Thanks for sharing ! it is a great help !

How did you choose the zoom level (19) and tile_size (256) ?
My first thought would be to use the tile size of the test set (1024)

1 Like

Tensor size of (batch_size,1024,1024,3) is overkill imo.
Microsoft RefineNet made use of 256x256 images with 1ft/px resolution for the same task as this competition.
You could go higher… like 512x512 higher, but anything above that is picking up detail that may not be that of an inprovement in final results.

1 Like

I upped it to 512px (but think I left the folder names 256) for opencitiestilesmasked. 1024 is a lot of data for training - I figured most would be down-sizing the test tiles or splitting them into multiple sub-tiles anyway.
There is definitely room for experimentation around the zoom level etc. 19 was used in a tutorial I found, and I stuck with it because it made sense for me - visually inspecting the images shows that buildings at that scale look large enough to be easily identified, but are still small enough that several fit in each image (as opposed to a higher zoom that might only show half a building at a time). One thing I don’t like about this approach is that the test tiles are provided at the resolution that they were caputed at - in other words, not a consistent zoom level. So a model needs to be robust to buildings at different scales - it might be better to preserve the differing resolutions of the raining data and slice it up some other way.

1 Like

This is spot on! A key part of the challenge is to develop more robust models working across a range of resolutions, imagery capture conditions, diverse geographies. Your ideas to incorporate training data at native resolutions and of different sizes (256x256 up to 1024x1024) could be promising, and could be achieved using rasterio’s windowed reads:

In general, windowed reads should offer some more flexibility to chip the image rasters to whatever size and shape you like. There’s a small example of a 1024x1024 window read at native resolution at the bottom of the pystac starter colab notebook provided in the STAC Resources competition page.

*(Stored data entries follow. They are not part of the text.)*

(* [X `\` T] spans [X]: no finitary functional separates a point of [T] from it. *)
Definition coindependent (T : set (A -> F)) := forall s,
  (forall x, (X `\` T) x -> feval s x = 0) -> forall x, X x -> feval s x = 0.

Lemma coindependent_bigcup (Fm : set (set (A -> F))) :
  Fm `<=` coindependent -> total_on Fm subset ->
  coindependent (\bigcup_(T in Fm) T).
Proof.
move=> Fco tot s s0 x Xx.
have [[T1 FT1]|nF] := pselect (exists T, Fm T); last first.
  by apply: s0; split => // -[T FT _]; apply: nF; exists T.
have [k Fk sk] : exists2 k, Fm k & fsupp s `&` X `<=` k.
  apply: (chain_finite_subset (dom := id) FT1 _ tot) => // [|y [[_ sy] Xy]].
    exact: sub_finite_set (finite_fsupp s).
  by apply: contrapT => nU; move: sy; rewrite s0 ?eqxx.
apply: (Fco k Fk) => // y [Xy nky]; apply/eqP; apply: contra_notT nky => sy.
by apply: sk; split => //; split => //; exact: XE.
Qed.

Lemma separated_maximal_coindependent J T e :
  T `<=` X `\` J -> coindependent T ->
  (forall B, T `<` B -> ~ (B `<=` X `\` J /\ coindependent B)) ->
  (X `\` J) e -> ~ T e -> separated (X `\` T) e.
Proof.
move=> TXJ coT Tmax [Xe nJe] nTe.
have : ~ coindependent (T `|` [set e]).
  move=> coTe; apply: (Tmax (T `|` [set e])).
    by split => [y Ty|/(_ e (or_intror erefl))//]; left.
  by split => // y [/TXJ//|->].
move=> /existsNP[s /not_implyP[s0 /existsNP[x /not_implyP[Xx /eqP sx]]]].
have s0' y : (X `\` T) y -> y != e -> feval s y = 0.
  by move=> [Xy nTy] ye; apply: s0; split => // -[//|/eqP]; rewrite (negbTE ye).
have se : feval s e != 0.
  apply: contra_neq sx => se0; apply: coT => // y XTy.
  by have [->//|ye] := eqVneq y e; exact: s0'.
exact: separated_scale se s0'.
Qed.

Lemma independent_maximal_between J : J `<=` X -> independent J ->
  exists M, maximal_in [set B | (B `<=` E /\ independent B) /\ J `<=` B /\ B `<=` X] M.
Proof.
move=> JX indJ.
have [|T [[TXJ coT] Tmax]] :=
  Zorn_bigcup (P := [set T | T `<=` X `\` J /\ coindependent T]).
  move=> Fm FP tot; split; first by move=> x [T /FP[/(_ x) TXJ _] Tx]; exact: TXJ.
  by apply: coindependent_bigcup tot => T /FP[].
have JB : J `<=` X `\` T by move=> x Jx; split; [exact: JX|move=> /TXJ[]].
have BE : X `\` T `<=` E by move=> x [/XE].
have sepB e : (X `\` T) e -> separated (X `\` T) e.
  move=> [Xe nTe]; have sepXJ := separated_maximal_coindependent TXJ coT Tmax.
  have [Je|nJe] := pselect (J e); last exact: sepXJ.
  apply: (separated_widen JB BE) => // [f [[Xf nTf] nJf]|]; first exact: sepXJ.
  exact: separated_of_independent (subset_trans JX XE) Je indJ.
exists (X `\` T); split.
  by split; [split; [|exact: independent_of_separated]|split => // x []].
move=> N [[NE indN] [_ NX]] BN; apply/seteqP; split => // x Nx; split; first exact: NX.
move=> Tx; have [s [sx s0]] := separated_of_independent NE Nx indN.
suff : feval s x = 0 by rewrite sx => /eqP; rewrite oner_eq0.
apply: coT (NX x Nx) => y [Xy nTy]; apply: s0; first exact: BN.
by apply/eqP => yx; apply: nTy; rewrite yx.
Qed.

End MaximalIndependent.

Lemma independent_augment J J' : J `<=` E -> independent J ->
  ~ maximal_in [set I | I `<=` E /\ independent I] J ->
  maximal_in [set I | I `<=` E /\ independent I] J' ->
  exists2 x, (J' `\` J) x & J `|` [set x] `<=` E /\ independent (J `|` [set x]).
Proof.
move=> JE indJ nmaxJ [[J'E indJ'] maxJ'].
have [N [y [[NE indN] JN Ny nJy]]] := not_maximal_inP (conj JE indJ) nmaxJ.
have indJy : independent (J `|` [set y]).
  by apply: (independent_sub indN) => x [/JN|->].
apply: contrapT => noaug.
have depJx x : J' x -> ~ J x -> ~ independent (J `|` [set x]).
  move=> J'x nJx indJx; apply: noaug; exists x => //.
  by split => // z [/JE|->]; last exact: J'E.
have nJ'y : ~ J' y by move=> J'y; exact: depJx J'y nJy indJy.
have [s [sy s0]] : separated (J `|` [set y]) y.
  by apply: separated_of_independent indJy => [x [/JE|->]|]; [|exact: NE|right].
have sJ x : J x -> feval s x = 0.
  by move=> Jx; apply: s0; [left|apply/eqP => xy; apply: nJy; rewrite -xy].
(* Every [x] of [J'] lies in the span of [J], on which [s] vanishes. *)
have sJ' x : J' x -> feval s x = 0.
  move=> J'x; have [/sJ//|nJx] := pselect (J x).
  exact: feval_dependent_eq0 (J'E x J'x) indJ (depJx x J'x nJx) sJ.
have /not_independentP[al [alJ'y al0 [x0 alx0]]] : ~ independent (J' `|` [set y]).
  move=> indJ'y; apply: nJ'y; rewrite -(maxJ' (J' `|` [set y])).
  - by right.
  - by split => // x [/J'E//|->]; exact: NE.
  - by move=> x; left.
have aly : al y = 0.
  have := dual_pair_eq0 s al0; rewrite (dual_pair_supp1 (NE y Ny)).
    by rewrite sy mulr1.
  move=> x _ xy; have [->|/alJ'y[/sJ'->|/= xy']] := eqVneq (al x) 0.
  - by rewrite mul0r.
  - by rewrite mulr0.
  - by rewrite xy' eqxx in xy.
move/eqP: alx0; apply; apply: indJ' al0 x0 => x alx.
by case: (alJ'y x alx) => // /= xy; rewrite xy aly eqxx in alx.
Qed.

One other thing to be aware of if you’re creating training chips to standardized webmap tile zoom levels and squares is that there’s almost always some resampling and reprojection (affine transform) happening from the original image as a resut. Not saying if that’s good or bad for your model performance…I don’t know, worth experimenting! For instance, here’s how rio-tiler works under the hood:

1 Like

Hi @daveluo_gfdrr and @johnowhitaker,

I’ve been having issues installing and importing solaris. From the printouts it seems like it installs, however when importing it i get the error message that no module is found.

I’ve been pip installing on a google CoLab while going through both of your example notebooks. Do you have any insight into why this might be or other resources to check out? I can’t seem to find anything on common resources like stackexchange, etc. Thanks in advance for anything you might have to add!

Hi @butlerbt,

Could you double-check the full printout from !pip install solaris? If you’re installing onto a fresh Colab instance, you may be running into an error like the below while trying to install the gdal>=3.0.2 dependency:

ERROR: Command errored out with exit status 1: python egg_info Check the logs for full command output.

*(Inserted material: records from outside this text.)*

Lemma linear_gain_dominates (R : rcfType) (b e K : R) : 0 < b ->
  exists c s : R, [/\ 0 < s, c ^+ 2 + s ^+ 2 = 1 &
    b / 4 * s + K * s ^+ 2 < c * s * b + s ^+ 2 * e].
Proof.
move=> b_gt0; set Q : R := `|e| + `|K| + 1.
have Q_gt0 : 0 < Q by rewrite ltr_pwDr // addr_ge0.
set s : R := Num.min (1 / 2) (b / (4 * Q)).
have s_gt0 : 0 < s by rewrite lt_min !divr_gt0 ?mulr_gt0.
have s_le : s <= 1 / 2 by rewrite ge_min lexx.
have sQ : 4 * (s * `|e|) + 4 * (s * `|K|) + 4 * s <= b.
  have -> : 4 * (s * `|e|) + 4 * (s * `|K|) + 4 * s = s * (4 * Q) by rewrite /Q; ring.
  by rewrite -ler_pdivlMr ?mulr_gt0 // ge_min lexx orbT.
clearbody s; set c : R := Num.sqrt (1 - s ^+ 2).
have c2 : c ^+ 2 = 1 - s ^+ 2 by rewrite sqr_sqrtr // subr_ge0; nra.
have c_ge0 : 0 <= c := sqrtr_ge0 _.
have c_ge : 1 / 2 <= c by nra.
exists c, s; split=> //; first by rewrite c2 subrK.
have -> : b / 4 * s + K * s ^+ 2 = s * (b / 4 + s * K) by ring.
have -> : c * s * b + s ^+ 2 * e = s * (c * b + s * e) by ring.
rewrite ltr_pM2l //.
have := ler_wpM2l (ltW s_gt0) (ler_norm K).
have := ler_wpM2l (ltW s_gt0) (ler_norm (- e)); rewrite normrN.
have := ler_wpM2r (ltW b_gt0) c_ge.
lra.
Qed.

This popped up recently with the most recent version of solaris (0.2.1) requiring gdal 3 which can be temperamental to install.

The following should work (by adding the ubuntugis-unstable packages which includes gdal 3.0.2):

!add-apt-repository ppa:ubuntugis/ubuntugis-unstable -y
!apt-get update
!apt-get install python-numpy gdal-bin libgdal-dev python3-rtree

!pip install solaris

Or if you prefer the stable ubuntugis packages, you could install an older version of solaris for now:

!add-apt-repository ppa:ubuntugis/ppa -y
!apt-get update
!apt-get install python-numpy gdal-bin libgdal-dev python3-rtree

!pip install solaris==0.2.0
1 Like

Thanks for the info @daveluo_gfdrr. I noticed errors without libgdal on GCP, but hadn’t realized the version has also changed on Colab and broken the code there as well. Appreciate the clean fixes :slight_smile:

@daveluo_gfdrr your first solution worked like magic! Thank you!!! :pray:

Thanks a lot for sharing this.


I am facing this error when trying to run the code on Google Colab.

TypeError Traceback (most recent call last)
in ()
1 lr = 1e-5 # trying a v conservative LR quickly
----> 2 learn.fit_one_cycle(1, slice(lr))

15 frames
/usr/local/lib/python3.6/dist-packages/torch/ in array(self, dtype)
484 def array(self, dtype=None):
485 if dtype is None:
–> 486 return self.numpy()
487 else:
488 return self.numpy().astype(dtype, copy=False)

TypeError: can’t convert CUDA tensor to numpy. Use Tensor.cpu() to copy the tensor to host memory first.

Doing return self.cpu().numpy() is not helping as well. Request your help

Are you running it on a GPU runtime? If not, you can change this in Colab by going to Runtime -> Change Runtime Type.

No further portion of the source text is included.